Problem to work on |
Print the lines in the listing below that fall between the line with "- under eq_fun do rewrite mulrDl opprD" and the line with "From Stdlib Require Import Rdefinitions.", those two lines included, exactly as they stand and with nothing else.

Exercise data |
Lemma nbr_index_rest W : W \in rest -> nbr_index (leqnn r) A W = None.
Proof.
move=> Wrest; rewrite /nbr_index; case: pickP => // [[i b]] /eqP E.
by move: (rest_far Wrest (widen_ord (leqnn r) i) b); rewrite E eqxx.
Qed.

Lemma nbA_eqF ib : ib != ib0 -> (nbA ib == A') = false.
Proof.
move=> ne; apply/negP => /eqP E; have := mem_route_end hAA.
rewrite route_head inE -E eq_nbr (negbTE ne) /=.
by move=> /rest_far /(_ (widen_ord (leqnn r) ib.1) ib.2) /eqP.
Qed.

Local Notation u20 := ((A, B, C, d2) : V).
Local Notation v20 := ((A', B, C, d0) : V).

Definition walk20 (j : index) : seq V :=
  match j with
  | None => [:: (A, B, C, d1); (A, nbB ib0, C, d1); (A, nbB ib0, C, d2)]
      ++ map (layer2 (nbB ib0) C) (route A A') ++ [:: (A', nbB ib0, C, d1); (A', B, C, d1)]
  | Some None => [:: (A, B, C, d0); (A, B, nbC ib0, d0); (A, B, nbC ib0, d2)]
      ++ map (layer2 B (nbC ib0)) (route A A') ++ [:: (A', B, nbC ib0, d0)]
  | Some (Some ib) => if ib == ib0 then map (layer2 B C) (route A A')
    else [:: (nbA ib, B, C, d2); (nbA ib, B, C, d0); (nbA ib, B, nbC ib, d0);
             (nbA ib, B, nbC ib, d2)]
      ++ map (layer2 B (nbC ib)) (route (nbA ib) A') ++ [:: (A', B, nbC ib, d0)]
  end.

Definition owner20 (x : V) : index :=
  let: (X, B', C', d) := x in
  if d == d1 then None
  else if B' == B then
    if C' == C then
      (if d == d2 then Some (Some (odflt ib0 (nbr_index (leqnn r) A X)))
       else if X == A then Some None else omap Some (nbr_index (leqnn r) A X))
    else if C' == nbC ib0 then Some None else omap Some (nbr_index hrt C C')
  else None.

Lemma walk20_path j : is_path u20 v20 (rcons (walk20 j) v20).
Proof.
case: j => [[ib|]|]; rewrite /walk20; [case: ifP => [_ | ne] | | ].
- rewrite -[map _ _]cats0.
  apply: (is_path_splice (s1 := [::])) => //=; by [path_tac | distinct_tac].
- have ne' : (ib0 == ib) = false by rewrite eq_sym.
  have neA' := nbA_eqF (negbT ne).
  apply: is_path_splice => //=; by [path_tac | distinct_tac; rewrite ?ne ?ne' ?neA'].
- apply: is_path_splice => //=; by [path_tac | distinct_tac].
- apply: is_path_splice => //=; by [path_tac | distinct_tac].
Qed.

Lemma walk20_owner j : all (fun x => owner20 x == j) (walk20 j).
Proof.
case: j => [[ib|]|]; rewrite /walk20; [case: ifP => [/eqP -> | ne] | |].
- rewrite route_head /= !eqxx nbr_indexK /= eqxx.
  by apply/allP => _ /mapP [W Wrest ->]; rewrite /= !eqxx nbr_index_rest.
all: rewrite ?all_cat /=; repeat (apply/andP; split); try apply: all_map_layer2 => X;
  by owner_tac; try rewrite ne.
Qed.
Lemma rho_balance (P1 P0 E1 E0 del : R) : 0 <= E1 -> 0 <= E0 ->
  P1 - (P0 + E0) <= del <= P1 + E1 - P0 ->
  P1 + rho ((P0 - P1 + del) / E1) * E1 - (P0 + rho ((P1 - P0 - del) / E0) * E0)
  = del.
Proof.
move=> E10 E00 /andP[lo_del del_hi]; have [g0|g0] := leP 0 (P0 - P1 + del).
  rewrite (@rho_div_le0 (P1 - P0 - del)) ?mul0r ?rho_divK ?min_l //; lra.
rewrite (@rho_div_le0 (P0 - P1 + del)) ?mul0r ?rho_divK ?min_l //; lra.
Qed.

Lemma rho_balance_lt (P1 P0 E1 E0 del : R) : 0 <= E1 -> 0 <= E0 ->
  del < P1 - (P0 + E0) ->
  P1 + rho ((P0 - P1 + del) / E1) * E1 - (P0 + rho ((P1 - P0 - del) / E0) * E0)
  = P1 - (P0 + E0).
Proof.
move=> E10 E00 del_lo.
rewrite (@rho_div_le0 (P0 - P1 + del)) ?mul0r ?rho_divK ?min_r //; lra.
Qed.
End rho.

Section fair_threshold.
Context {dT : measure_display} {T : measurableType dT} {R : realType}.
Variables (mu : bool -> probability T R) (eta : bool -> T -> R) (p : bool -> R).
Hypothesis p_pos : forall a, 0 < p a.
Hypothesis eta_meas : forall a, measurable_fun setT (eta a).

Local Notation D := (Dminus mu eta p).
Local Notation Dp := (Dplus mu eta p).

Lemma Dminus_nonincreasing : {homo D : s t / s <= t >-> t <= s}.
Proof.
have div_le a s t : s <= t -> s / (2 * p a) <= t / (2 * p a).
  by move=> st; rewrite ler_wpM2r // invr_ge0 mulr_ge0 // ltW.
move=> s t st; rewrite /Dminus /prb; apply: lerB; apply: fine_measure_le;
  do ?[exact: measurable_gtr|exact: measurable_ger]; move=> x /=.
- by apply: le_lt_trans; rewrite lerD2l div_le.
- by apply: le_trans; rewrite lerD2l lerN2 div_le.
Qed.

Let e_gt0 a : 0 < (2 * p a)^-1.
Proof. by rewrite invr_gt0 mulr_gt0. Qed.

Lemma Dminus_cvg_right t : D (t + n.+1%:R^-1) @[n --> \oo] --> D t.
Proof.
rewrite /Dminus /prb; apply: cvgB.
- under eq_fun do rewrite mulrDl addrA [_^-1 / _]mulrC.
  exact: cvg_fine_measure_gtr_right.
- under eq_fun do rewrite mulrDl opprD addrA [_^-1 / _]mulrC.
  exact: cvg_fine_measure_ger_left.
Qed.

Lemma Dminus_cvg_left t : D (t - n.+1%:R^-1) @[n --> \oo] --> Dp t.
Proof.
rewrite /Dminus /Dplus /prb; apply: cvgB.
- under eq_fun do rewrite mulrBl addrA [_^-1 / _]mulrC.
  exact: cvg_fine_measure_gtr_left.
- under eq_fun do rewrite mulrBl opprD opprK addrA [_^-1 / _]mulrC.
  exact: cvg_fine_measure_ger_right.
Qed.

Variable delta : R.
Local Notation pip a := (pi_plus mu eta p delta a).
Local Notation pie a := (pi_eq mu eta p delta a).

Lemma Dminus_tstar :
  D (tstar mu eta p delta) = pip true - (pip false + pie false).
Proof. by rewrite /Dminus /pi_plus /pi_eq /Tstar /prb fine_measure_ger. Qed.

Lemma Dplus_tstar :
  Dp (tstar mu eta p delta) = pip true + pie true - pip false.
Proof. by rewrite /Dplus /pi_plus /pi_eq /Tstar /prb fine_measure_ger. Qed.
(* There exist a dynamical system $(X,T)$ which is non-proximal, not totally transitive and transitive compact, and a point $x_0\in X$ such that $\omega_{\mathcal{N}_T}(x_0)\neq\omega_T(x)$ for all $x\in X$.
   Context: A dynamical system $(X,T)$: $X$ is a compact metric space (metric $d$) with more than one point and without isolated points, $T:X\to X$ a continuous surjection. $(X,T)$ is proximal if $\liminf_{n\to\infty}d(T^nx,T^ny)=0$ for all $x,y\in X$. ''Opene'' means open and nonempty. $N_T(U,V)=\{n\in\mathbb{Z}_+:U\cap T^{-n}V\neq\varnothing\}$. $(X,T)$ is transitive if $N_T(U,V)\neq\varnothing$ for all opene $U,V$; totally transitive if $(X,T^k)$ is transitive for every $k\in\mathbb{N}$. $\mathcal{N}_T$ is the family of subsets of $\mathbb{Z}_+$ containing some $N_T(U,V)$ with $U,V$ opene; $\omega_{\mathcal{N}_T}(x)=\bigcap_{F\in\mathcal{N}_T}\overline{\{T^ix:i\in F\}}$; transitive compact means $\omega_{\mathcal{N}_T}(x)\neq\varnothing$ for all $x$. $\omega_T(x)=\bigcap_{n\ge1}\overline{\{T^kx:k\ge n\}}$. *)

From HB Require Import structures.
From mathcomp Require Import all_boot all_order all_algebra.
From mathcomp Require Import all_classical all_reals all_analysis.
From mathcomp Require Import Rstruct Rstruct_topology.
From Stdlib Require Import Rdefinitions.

...

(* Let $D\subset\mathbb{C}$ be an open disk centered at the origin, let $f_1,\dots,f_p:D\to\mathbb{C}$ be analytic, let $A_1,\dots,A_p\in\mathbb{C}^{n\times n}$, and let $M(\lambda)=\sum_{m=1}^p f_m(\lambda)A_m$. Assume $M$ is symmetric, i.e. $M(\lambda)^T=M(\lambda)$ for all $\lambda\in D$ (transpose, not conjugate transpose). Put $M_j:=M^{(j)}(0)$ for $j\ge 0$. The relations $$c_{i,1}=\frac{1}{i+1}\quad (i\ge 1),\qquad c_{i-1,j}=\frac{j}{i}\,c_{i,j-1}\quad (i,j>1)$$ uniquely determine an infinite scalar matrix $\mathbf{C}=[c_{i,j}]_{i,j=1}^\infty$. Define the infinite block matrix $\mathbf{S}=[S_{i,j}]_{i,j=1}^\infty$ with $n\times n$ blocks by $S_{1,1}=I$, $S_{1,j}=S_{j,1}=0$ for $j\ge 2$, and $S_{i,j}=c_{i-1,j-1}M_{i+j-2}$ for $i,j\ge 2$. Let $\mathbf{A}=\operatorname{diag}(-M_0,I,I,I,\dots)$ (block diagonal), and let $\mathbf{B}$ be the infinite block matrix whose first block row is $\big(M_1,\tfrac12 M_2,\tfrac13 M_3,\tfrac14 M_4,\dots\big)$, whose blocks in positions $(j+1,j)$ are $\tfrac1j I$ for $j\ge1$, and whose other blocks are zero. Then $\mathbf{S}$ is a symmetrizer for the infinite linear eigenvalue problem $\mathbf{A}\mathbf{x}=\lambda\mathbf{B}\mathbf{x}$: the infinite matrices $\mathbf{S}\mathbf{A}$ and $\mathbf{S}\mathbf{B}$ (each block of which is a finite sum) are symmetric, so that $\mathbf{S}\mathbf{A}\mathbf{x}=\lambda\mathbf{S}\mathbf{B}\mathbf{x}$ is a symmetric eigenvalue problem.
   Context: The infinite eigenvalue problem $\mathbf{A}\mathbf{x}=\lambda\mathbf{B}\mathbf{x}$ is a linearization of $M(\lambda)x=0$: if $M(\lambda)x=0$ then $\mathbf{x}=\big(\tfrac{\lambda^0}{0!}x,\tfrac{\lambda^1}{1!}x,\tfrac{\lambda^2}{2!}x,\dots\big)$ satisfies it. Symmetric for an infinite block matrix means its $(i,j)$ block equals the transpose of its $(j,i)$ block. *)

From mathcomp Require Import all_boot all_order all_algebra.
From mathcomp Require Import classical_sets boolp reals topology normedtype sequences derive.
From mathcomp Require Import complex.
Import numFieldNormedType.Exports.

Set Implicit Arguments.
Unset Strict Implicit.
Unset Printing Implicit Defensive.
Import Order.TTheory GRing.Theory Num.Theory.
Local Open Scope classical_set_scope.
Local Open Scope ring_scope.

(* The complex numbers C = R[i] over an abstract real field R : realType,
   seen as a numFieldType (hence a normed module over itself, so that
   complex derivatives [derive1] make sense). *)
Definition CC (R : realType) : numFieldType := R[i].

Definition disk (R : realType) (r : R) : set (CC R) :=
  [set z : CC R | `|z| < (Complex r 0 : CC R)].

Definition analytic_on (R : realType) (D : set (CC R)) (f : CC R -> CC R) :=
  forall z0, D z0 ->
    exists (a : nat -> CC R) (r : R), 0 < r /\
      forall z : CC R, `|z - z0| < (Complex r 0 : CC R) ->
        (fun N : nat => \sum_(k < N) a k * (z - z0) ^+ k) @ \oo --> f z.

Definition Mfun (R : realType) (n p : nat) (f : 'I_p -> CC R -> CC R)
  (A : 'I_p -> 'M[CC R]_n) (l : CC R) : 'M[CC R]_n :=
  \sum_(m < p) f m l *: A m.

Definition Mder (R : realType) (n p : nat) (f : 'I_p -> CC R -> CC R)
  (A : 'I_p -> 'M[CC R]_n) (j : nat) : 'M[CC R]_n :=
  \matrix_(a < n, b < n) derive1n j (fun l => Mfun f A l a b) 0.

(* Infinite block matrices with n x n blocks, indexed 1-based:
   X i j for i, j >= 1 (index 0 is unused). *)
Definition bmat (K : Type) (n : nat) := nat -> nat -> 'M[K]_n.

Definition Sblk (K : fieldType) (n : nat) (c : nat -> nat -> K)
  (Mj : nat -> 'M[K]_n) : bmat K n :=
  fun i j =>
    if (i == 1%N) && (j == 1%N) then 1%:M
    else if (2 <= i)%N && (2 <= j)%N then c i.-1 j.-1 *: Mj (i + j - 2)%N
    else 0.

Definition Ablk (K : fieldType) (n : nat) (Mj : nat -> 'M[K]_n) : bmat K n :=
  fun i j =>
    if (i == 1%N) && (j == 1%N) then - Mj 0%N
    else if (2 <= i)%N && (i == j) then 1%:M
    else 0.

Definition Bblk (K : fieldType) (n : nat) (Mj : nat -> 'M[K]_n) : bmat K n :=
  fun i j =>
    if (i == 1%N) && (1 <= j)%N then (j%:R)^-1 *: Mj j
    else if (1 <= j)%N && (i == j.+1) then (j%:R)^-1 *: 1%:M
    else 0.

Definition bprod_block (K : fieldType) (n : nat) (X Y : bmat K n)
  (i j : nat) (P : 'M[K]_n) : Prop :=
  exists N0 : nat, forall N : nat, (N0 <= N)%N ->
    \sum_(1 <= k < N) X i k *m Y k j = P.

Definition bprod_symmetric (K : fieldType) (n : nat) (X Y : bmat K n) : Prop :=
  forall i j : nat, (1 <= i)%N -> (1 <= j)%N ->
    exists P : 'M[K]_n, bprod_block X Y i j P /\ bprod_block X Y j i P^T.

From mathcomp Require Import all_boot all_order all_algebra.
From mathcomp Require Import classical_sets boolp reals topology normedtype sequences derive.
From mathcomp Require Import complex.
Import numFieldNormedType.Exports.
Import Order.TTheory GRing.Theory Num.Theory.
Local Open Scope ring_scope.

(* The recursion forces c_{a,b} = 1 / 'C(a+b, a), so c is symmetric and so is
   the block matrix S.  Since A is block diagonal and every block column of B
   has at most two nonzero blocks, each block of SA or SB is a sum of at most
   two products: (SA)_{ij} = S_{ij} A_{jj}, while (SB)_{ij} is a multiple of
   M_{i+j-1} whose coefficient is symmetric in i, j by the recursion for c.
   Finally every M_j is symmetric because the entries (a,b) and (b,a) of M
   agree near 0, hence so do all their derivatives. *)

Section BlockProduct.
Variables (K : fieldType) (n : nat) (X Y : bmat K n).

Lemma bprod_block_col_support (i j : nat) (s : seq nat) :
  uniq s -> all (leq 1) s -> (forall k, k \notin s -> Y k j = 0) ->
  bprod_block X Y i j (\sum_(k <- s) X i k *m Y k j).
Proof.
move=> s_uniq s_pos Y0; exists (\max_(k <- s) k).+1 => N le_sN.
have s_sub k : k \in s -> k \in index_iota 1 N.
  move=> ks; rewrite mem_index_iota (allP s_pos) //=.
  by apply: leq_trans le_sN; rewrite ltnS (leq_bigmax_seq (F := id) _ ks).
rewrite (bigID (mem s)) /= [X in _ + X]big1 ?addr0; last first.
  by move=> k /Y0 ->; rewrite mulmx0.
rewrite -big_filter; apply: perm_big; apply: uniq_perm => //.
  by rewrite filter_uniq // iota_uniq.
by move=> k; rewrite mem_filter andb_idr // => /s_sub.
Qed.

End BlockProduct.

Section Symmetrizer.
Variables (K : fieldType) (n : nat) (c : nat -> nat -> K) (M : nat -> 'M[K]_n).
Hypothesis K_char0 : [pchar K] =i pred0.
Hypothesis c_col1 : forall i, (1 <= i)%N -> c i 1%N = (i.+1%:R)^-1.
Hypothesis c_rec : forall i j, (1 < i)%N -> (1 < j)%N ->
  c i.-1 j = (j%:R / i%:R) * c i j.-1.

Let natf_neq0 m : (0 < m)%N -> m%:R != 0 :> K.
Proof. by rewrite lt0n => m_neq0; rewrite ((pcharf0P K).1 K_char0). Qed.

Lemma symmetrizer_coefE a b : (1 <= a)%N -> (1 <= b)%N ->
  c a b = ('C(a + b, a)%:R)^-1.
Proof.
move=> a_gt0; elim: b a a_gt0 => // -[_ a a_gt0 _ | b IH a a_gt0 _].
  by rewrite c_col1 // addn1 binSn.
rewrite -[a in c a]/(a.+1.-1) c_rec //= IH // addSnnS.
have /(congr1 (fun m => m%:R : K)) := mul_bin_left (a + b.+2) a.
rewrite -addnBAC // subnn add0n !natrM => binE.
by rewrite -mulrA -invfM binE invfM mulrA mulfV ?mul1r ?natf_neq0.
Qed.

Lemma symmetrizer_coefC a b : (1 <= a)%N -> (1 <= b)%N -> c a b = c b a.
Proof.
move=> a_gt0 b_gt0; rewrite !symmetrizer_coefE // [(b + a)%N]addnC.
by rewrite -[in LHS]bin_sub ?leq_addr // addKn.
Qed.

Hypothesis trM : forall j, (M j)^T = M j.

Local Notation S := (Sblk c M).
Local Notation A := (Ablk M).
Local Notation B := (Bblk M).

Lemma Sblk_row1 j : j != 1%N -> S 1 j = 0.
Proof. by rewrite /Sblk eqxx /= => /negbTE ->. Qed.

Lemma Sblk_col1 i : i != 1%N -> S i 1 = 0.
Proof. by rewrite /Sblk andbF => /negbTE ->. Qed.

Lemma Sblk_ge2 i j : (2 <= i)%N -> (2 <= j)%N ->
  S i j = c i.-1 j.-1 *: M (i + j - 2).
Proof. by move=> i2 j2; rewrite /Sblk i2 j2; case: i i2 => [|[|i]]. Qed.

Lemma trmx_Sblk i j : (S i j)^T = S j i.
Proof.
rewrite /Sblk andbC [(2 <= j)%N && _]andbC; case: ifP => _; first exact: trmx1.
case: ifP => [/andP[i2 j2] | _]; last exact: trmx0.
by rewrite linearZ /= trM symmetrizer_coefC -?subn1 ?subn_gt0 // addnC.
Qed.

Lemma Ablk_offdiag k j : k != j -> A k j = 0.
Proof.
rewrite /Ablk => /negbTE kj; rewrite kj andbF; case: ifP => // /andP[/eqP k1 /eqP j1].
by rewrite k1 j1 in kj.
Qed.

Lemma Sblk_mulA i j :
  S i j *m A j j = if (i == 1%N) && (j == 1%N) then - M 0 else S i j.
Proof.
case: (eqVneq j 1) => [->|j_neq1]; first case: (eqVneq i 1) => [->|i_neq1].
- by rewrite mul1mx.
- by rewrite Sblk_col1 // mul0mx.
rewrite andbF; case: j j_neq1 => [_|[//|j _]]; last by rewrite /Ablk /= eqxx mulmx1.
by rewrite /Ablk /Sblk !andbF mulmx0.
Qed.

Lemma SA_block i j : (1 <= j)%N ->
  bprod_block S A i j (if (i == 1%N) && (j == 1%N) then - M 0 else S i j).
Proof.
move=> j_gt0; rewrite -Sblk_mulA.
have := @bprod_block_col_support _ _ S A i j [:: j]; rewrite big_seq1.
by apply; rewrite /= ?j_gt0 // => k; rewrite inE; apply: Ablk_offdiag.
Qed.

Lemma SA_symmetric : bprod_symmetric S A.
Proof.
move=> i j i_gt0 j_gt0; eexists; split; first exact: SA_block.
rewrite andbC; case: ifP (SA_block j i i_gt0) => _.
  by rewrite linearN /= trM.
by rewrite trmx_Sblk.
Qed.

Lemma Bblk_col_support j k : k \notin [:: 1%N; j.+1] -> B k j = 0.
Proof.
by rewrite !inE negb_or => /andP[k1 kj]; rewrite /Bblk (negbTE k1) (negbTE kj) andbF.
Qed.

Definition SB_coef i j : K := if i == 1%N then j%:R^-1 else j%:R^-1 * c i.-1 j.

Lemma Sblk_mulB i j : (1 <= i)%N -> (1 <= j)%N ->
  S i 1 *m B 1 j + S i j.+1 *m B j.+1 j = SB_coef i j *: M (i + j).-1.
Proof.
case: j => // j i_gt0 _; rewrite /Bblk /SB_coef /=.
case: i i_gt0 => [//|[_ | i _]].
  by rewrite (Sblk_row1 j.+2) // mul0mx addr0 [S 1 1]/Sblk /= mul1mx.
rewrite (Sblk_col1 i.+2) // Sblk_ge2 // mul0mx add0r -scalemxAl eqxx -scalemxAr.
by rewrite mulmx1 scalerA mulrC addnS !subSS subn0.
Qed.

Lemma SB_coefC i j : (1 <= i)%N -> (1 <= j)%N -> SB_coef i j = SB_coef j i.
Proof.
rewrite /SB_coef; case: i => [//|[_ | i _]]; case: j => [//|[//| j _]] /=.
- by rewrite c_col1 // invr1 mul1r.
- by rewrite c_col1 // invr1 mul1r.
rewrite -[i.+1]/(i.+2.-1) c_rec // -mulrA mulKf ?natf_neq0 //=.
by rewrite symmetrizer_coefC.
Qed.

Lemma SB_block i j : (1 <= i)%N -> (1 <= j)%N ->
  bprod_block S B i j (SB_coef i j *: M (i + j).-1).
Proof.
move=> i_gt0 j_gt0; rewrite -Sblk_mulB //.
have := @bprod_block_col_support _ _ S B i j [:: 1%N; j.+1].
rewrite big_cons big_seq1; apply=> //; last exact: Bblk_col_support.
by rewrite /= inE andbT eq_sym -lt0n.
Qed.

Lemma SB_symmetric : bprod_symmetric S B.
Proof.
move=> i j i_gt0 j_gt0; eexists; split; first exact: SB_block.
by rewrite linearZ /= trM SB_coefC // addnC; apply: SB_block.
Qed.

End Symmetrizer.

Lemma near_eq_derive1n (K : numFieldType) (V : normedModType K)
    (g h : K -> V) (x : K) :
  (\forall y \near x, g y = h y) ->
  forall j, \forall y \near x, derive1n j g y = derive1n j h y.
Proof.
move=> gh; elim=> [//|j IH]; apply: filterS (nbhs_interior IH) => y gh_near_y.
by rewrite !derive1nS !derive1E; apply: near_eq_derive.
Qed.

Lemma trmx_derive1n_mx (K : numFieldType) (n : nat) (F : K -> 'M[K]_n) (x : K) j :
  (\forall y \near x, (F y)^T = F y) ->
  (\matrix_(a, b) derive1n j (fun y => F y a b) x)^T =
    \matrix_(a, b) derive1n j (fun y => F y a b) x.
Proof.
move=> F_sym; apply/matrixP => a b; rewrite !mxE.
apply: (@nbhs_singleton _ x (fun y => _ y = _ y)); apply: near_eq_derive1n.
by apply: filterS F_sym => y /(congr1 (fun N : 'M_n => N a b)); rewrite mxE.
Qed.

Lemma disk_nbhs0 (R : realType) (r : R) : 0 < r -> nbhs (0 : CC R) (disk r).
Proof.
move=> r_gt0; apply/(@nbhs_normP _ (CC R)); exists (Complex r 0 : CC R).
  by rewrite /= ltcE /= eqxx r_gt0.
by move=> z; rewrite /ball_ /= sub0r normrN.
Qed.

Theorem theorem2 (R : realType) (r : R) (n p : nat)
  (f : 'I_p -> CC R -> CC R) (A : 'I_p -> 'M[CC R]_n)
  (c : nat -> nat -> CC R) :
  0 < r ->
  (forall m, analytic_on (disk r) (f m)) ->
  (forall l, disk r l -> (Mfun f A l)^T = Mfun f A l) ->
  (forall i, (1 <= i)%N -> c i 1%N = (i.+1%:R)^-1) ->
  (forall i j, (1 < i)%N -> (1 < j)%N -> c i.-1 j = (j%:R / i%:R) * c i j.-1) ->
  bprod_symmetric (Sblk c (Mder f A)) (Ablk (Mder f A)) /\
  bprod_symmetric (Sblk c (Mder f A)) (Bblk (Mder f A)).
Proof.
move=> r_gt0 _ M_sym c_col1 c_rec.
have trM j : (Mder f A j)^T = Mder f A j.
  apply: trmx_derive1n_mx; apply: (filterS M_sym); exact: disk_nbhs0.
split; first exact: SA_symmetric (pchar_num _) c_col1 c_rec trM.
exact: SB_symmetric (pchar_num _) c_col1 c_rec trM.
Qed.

The answer |
- under eq_fun do rewrite mulrDl opprD addrA [_^-1 / _]mulrC.
  exact: cvg_fine_measure_ger_left.
Qed.

Lemma Dminus_cvg_left t : D (t - n.+1%:R^-1) @[n --> \oo] --> Dp t.
Proof.
rewrite /Dminus /Dplus /prb; apply: cvgB.
- under eq_fun do rewrite mulrBl addrA [_^-1 / _]mulrC.
  exact: cvg_fine_measure_gtr_left.
- under eq_fun do rewrite mulrBl opprD opprK addrA [_^-1 / _]mulrC.
  exact: cvg_fine_measure_ger_right.
Qed.

Variable delta : R.
Local Notation pip a := (pi_plus mu eta p delta a).
Local Notation pie a := (pi_eq mu eta p delta a).

Lemma Dminus_tstar :
  D (tstar mu eta p delta) = pip true - (pip false + pie false).
Proof. by rewrite /Dminus /pi_plus /pi_eq /Tstar /prb fine_measure_ger. Qed.

Lemma Dplus_tstar :
  Dp (tstar mu eta p delta) = pip true + pie true - pip false.
Proof. by rewrite /Dplus /pi_plus /pi_eq /Tstar /prb fine_measure_ger. Qed.
(* There exist a dynamical system $(X,T)$ which is non-proximal, not totally transitive and transitive compact, and a point $x_0\in X$ such that $\omega_{\mathcal{N}_T}(x_0)\neq\omega_T(x)$ for all $x\in X$.
   Context: A dynamical system $(X,T)$: $X$ is a compact metric space (metric $d$) with more than one point and without isolated points, $T:X\to X$ a continuous surjection. $(X,T)$ is proximal if $\liminf_{n\to\infty}d(T^nx,T^ny)=0$ for all $x,y\in X$. ''Opene'' means open and nonempty. $N_T(U,V)=\{n\in\mathbb{Z}_+:U\cap T^{-n}V\neq\varnothing\}$. $(X,T)$ is transitive if $N_T(U,V)\neq\varnothing$ for all opene $U,V$; totally transitive if $(X,T^k)$ is transitive for every $k\in\mathbb{N}$. $\mathcal{N}_T$ is the family of subsets of $\mathbb{Z}_+$ containing some $N_T(U,V)$ with $U,V$ opene; $\omega_{\mathcal{N}_T}(x)=\bigcap_{F\in\mathcal{N}_T}\overline{\{T^ix:i\in F\}}$; transitive compact means $\omega_{\mathcal{N}_T}(x)\neq\varnothing$ for all $x$. $\omega_T(x)=\bigcap_{n\ge1}\overline{\{T^kx:k\ge n\}}$. *)

From HB Require Import structures.
From mathcomp Require Import all_boot all_order all_algebra.
From mathcomp Require Import all_classical all_reals all_analysis.
From mathcomp Require Import Rstruct Rstruct_topology.
From Stdlib Require Import Rdefinitions.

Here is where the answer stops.